▶ [ACTION ITEM]:
Below are the records; restate word for word the lines from the first through the one containing "forall x n, D", and only those.

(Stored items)
··········

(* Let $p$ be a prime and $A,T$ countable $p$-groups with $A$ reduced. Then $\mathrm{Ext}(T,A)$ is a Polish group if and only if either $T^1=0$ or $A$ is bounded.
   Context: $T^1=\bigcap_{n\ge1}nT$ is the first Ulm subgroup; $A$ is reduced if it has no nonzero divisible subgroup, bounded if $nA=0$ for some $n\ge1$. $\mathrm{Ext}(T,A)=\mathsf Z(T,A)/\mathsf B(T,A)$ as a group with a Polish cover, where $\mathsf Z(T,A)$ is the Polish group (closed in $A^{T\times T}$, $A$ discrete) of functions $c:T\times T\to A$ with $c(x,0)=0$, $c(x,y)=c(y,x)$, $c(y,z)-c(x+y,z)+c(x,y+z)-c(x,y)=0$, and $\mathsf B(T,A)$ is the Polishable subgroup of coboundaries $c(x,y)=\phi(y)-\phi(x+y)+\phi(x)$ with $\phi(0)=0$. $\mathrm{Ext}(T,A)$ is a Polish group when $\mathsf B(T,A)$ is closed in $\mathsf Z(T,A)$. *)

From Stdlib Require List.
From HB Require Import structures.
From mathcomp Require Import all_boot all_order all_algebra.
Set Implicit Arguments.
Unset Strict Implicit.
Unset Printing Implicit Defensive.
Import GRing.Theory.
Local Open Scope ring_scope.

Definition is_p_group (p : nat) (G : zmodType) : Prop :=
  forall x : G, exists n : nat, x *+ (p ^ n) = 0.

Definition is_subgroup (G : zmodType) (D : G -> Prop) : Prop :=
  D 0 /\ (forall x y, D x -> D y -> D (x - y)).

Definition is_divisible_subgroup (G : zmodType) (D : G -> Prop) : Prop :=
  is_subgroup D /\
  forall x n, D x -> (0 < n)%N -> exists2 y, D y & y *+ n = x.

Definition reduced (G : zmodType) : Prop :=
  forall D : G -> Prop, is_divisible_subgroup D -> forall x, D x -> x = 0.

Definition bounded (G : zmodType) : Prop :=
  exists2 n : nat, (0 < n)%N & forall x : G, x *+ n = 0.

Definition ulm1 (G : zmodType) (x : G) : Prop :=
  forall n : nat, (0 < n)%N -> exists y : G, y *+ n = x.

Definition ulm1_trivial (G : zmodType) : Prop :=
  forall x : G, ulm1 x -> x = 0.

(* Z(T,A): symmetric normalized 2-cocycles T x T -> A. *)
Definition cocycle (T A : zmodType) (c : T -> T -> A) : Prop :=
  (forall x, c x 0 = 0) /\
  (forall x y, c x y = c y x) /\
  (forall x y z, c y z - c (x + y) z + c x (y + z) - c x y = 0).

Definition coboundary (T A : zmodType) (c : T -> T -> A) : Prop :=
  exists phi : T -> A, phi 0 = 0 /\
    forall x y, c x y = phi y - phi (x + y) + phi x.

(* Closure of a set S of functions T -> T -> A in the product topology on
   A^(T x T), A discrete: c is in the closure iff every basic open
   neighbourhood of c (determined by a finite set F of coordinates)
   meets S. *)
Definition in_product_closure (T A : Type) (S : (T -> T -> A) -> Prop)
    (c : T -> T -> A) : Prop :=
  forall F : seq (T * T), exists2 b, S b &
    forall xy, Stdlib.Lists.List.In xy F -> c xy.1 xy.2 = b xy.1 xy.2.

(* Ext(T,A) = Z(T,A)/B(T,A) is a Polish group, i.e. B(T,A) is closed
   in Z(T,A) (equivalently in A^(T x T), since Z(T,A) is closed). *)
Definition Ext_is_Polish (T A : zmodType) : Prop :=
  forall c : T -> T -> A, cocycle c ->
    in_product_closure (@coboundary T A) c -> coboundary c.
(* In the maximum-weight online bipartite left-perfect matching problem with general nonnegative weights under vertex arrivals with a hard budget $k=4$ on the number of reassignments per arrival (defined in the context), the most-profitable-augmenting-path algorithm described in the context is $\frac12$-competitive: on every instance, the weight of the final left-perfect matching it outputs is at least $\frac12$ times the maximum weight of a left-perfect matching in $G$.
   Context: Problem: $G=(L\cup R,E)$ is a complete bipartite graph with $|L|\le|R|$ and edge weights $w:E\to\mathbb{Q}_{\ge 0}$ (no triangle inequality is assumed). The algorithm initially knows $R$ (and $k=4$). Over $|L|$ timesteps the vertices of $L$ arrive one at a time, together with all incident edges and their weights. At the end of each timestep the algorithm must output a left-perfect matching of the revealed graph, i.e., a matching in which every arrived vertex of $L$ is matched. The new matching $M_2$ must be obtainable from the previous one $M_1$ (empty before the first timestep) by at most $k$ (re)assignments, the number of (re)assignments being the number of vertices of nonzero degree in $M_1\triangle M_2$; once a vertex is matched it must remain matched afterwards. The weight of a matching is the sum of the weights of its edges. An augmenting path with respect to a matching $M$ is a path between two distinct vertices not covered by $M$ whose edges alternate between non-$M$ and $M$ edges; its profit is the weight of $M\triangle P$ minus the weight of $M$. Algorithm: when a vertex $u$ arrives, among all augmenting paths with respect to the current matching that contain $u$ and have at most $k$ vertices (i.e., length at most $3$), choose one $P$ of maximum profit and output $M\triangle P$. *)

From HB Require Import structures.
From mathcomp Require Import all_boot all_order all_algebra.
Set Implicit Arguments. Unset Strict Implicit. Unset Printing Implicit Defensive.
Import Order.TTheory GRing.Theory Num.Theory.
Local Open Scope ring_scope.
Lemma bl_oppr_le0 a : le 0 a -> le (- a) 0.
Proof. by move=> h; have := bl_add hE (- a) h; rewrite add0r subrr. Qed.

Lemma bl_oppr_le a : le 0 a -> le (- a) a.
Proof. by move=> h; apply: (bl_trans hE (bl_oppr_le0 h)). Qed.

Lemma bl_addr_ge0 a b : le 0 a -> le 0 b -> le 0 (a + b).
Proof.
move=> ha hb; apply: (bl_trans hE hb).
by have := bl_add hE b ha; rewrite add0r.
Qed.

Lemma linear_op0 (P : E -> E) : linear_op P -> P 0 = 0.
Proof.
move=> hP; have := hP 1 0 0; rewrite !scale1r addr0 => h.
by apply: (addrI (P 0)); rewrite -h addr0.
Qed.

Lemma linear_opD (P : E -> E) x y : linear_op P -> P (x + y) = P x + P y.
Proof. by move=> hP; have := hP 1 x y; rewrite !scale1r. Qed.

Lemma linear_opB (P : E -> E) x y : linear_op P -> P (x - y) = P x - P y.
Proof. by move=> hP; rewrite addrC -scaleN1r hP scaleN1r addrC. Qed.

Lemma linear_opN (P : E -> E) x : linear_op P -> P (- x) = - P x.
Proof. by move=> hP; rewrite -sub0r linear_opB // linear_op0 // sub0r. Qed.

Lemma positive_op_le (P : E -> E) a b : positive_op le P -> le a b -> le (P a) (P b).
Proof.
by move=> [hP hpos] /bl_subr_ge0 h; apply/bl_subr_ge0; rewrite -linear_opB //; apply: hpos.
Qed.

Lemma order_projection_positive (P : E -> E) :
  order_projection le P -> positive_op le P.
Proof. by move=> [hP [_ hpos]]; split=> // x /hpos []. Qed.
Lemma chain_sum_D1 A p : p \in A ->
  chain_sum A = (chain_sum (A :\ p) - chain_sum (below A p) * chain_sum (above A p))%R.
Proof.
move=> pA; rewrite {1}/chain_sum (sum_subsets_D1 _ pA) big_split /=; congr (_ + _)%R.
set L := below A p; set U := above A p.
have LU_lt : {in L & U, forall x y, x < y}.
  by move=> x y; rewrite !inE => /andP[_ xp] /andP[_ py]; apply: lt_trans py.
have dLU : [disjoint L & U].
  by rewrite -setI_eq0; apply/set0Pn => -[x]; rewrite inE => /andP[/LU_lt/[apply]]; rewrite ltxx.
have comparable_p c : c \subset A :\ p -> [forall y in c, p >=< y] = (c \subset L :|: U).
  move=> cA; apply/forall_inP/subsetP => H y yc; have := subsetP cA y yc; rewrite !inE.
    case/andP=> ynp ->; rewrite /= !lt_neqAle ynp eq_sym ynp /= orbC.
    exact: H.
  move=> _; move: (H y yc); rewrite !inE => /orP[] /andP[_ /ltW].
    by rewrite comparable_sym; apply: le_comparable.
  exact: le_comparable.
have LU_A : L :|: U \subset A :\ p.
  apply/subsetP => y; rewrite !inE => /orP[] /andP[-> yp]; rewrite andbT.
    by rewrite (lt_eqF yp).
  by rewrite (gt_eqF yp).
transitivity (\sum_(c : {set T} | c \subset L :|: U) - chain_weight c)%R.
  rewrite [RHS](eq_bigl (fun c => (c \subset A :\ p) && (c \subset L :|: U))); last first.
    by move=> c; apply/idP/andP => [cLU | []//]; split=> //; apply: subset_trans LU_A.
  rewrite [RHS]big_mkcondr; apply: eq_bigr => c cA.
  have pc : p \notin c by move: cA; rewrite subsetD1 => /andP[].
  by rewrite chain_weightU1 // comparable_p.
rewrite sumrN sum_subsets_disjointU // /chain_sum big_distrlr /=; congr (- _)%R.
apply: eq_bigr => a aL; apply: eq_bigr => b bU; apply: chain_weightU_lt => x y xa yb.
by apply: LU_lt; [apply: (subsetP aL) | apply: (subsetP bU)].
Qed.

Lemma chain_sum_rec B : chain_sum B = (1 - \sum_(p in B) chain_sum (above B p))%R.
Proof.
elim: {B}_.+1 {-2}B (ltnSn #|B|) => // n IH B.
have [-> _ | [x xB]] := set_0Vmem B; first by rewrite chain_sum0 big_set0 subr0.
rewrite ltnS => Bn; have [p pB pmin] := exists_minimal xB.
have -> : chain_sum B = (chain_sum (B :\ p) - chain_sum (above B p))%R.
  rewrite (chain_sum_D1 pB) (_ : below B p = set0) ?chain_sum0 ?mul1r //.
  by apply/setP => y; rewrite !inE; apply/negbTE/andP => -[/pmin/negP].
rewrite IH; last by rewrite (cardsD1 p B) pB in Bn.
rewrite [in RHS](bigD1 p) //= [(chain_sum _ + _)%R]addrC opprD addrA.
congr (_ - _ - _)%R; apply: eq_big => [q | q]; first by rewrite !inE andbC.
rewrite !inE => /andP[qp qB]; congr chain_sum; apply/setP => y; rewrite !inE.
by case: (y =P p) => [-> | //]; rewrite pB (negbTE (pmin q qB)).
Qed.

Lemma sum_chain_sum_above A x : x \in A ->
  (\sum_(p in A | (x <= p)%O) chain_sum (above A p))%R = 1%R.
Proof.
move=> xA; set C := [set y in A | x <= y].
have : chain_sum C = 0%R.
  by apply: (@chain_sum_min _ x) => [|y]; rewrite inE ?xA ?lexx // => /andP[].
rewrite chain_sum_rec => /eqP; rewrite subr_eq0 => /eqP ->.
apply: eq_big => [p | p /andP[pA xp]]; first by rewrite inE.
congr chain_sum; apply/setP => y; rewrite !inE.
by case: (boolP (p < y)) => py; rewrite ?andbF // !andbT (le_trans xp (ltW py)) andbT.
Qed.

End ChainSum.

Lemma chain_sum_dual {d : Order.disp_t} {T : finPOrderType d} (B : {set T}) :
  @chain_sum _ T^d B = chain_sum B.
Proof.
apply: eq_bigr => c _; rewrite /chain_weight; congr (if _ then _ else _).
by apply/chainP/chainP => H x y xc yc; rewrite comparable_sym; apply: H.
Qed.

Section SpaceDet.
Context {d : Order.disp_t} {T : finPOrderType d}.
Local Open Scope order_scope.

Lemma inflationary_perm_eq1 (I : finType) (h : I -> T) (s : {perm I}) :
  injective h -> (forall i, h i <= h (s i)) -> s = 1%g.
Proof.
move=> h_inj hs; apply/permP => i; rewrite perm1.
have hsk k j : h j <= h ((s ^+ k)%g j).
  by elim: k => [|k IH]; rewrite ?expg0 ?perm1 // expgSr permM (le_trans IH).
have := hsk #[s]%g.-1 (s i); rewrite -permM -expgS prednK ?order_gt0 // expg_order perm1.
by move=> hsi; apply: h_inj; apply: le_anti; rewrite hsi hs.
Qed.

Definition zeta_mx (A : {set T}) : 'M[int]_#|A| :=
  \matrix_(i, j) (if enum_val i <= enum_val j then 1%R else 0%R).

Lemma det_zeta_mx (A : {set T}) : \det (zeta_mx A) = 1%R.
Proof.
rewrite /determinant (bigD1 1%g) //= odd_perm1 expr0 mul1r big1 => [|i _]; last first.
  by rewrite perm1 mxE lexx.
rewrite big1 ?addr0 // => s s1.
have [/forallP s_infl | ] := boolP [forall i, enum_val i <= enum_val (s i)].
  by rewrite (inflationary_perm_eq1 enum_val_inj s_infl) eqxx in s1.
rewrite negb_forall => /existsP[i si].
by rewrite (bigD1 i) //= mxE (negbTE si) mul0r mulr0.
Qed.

··········

▶ [WRITTEN RESPONSE]:
(* Let $p$ be a prime and $A,T$ countable $p$-groups with $A$ reduced. Then $\mathrm{Ext}(T,A)$ is a Polish group if and only if either $T^1=0$ or $A$ is bounded.
   Context: $T^1=\bigcap_{n\ge1}nT$ is the first Ulm subgroup; $A$ is reduced if it has no nonzero divisible subgroup, bounded if $nA=0$ for some $n\ge1$. $\mathrm{Ext}(T,A)=\mathsf Z(T,A)/\mathsf B(T,A)$ as a group with a Polish cover, where $\mathsf Z(T,A)$ is the Polish group (closed in $A^{T\times T}$, $A$ discrete) of functions $c:T\times T\to A$ with $c(x,0)=0$, $c(x,y)=c(y,x)$, $c(y,z)-c(x+y,z)+c(x,y+z)-c(x,y)=0$, and $\mathsf B(T,A)$ is the Polishable subgroup of coboundaries $c(x,y)=\phi(y)-\phi(x+y)+\phi(x)$ with $\phi(0)=0$. $\mathrm{Ext}(T,A)$ is a Polish group when $\mathsf B(T,A)$ is closed in $\mathsf Z(T,A)$. *)

From Stdlib Require List.
From HB Require Import structures.
From mathcomp Require Import all_boot all_order all_algebra.
Set Implicit Arguments.
Unset Strict Implicit.
Unset Printing Implicit Defensive.
Import GRing.Theory.
Local Open Scope ring_scope.

Definition is_p_group (p : nat) (G : zmodType) : Prop :=
  forall x : G, exists n : nat, x *+ (p ^ n) = 0.

Definition is_subgroup (G : zmodType) (D : G -> Prop) : Prop :=
  D 0 /\ (forall x y, D x -> D y -> D (x - y)).

Definition is_divisible_subgroup (G : zmodType) (D : G -> Prop) : Prop :=
  is_subgroup D /\
  forall x n, D x -> (0 < n)%N -> exists2 y, D y & y *+ n = x.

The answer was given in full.